- WHAT IS BEING ASKED:
The required output is all lines below that contain the word "exact".

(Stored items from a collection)
= = = = =

Variables (Om : finType) (mu : Om -> R).

Lemma Kmass_comp_le (Q Q' : finType) u (q : Om -> Q) (h : Q -> Q') :
  Kmass mu u (fun o => h (q o)) <= Kmass mu u q.
Proof.
set F := fun o => (-1) ^+ u o * mu o.
have fiber y : \sum_(o | h (q o) == y) F o = \sum_(x | h x == y) \sum_(o | q o == x) F o.
  rewrite (partition_big q (fun x => h x == y)) //; apply: eq_bigr => x /eqP hx.
  by apply: eq_bigl => o; rewrite andbC; case: eqP => // ->; rewrite hx eqxx.
rewrite /Kmass (partition_big h xpredT) //=; apply: ler_sum => y _.
by rewrite fiber ler_norm_sum.
Qed.

Lemma Kmass_comp_can (Q Q' : finType) u (q : Om -> Q) (h : Q -> Q') (h' : Q' -> Q) :
  cancel h h' -> Kmass mu u (fun o => h (q o)) = Kmass mu u q.
Proof.
move=> hK; apply/eqP; rewrite eq_le Kmass_comp_le /=.
rewrite {1}(_ : q = fun o => h' (h (q o))); first exact: (Kmass_comp_le u (fun o => h (q o))).
by apply: boolp.funext => o; rewrite hK.
Qed.

Lemma Kmass_xor_le (Q : finType) (v w : Om -> bool) (q : Om -> Q) :
  Kmass mu w (fun o => (v o (+) w o, q o)) <= Kmass mu v q + Kmass mu w q.
Proof.
rewrite /Kmass sum_pairE exchange_big -big_split /=; apply: ler_sum => x _.
pose alpha t := \sum_(o | (q o == x) && (v o (+) w o == t)) (-1) ^+ v o * mu o.
have split_xor (F : Om -> R) : \sum_(o | q o == x) F o =
    \sum_t \sum_(o | (q o == x) && (v o (+) w o == t)) F o.
  exact: partition_big.
have fiber_pair t (F : Om -> R) : \sum_(o | (v o (+) w o, q o) == (t, x)) F o =
    \sum_(o | (q o == x) && (v o (+) w o == t)) F o.
  by apply: eq_bigl => o; rewrite xpair_eqE andbC.
have beta t : \sum_(o | (q o == x) && (v o (+) w o == t)) (-1) ^+ w o * mu o =
    (-1) ^+ t * alpha t.
  rewrite mulr_sumr; apply: eq_bigr => o /andP [_ /eqP <-].
  by rewrite -{1}(addKb (v o) (w o)) signr_addb mulrCA mulrA.
rewrite big_bool !fiber_pair !split_xor !big_bool !beta !normrMsign /= expr0 expr1 mul1r mulN1r.
by rewrite addrC (addrC (alpha true)) (addrC (- _)) normD_le_normDB.
Qed.

End Kfunctional.

(** * K under conditional independence *)

Section ConditionalIndependence.
Variables (R : realFieldType) (A St B : finType) (mu : A * St * B -> R).
Hypothesis mu_ge0 : forall o, 0 <= mu o.

Definition muA g s := \sum_f mu (g, s, f).
Definition muB s f := \sum_g mu (g, s, f).
Definition muS s := \sum_g muA g s.

(* Conditional independence of the A- and B-coordinates given the St-coordinate, in product
   form so that it is meaningful when [muS s = 0]. *)
Hypothesis mu_indep : forall g s f, mu (g, s, f) * muS s = muA g s * muB s f.

Lemma muS_ge0 s : 0 <= muS s.
Proof. by do 2![apply: sumr_ge0 => ? _]. Qed.

Lemma muA_muS_eq0 g s : muS s = 0 -> muA g s = 0.
Proof. by move=> hS; apply: (psumr_eq0P _ hS) => // g' _; apply: sumr_ge0. Qed.

Lemma mu_muS_eq0 g s f : muS s = 0 -> mu (g, s, f) = 0.
Proof. by move=> /(muA_muS_eq0 g) hA; apply: (psumr_eq0P _ hA). Qed.

Lemma muB_muS_eq0 s f : muS s = 0 -> muB s f = 0.
Proof. by move=> hS; apply: big1 => g _; apply: mu_muS_eq0. Qed.

Lemma mu_factor g s f : mu (g, s, f) = muA g s * muB s f / muS s.
Proof.
have [hS|hS] := eqVneq (muS s) 0; last by rewrite -mu_indep mulfK.
by rewrite hS invr0 mulr0 mu_muS_eq0.
Qed.

Lemma sum_slice (P1 : pred A) (P3 : pred B) s (F : A * St * B -> R) :
  \sum_(o | [&& P1 o.1.1, o.1.2 == s & P3 o.2]) F o =
  \sum_(g | P1 g) \sum_(f | P3 f) F (g, s, f).
Proof.
rewrite big_mkcond sum_pairE sum_pairE [RHS]big_mkcond; apply: eq_bigr => g _.
rewrite (bigD1 s) //= [X in _ + X]big1 ?addr0; last first.
  by move=> s' /negbTE hs; apply: big1 => f _; rewrite hs andbF.
by rewrite eqxx; case: (P1 g); rewrite /= ?big1_eq // -big_mkcond.
Qed.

= = = = =

- EXERCISE RESPONSE:
rewrite {1}(_ : q = fun o => h' (h (q o))); first exact: (Kmass_comp_le u (fun o => h (q o))).
  exact: partition_big.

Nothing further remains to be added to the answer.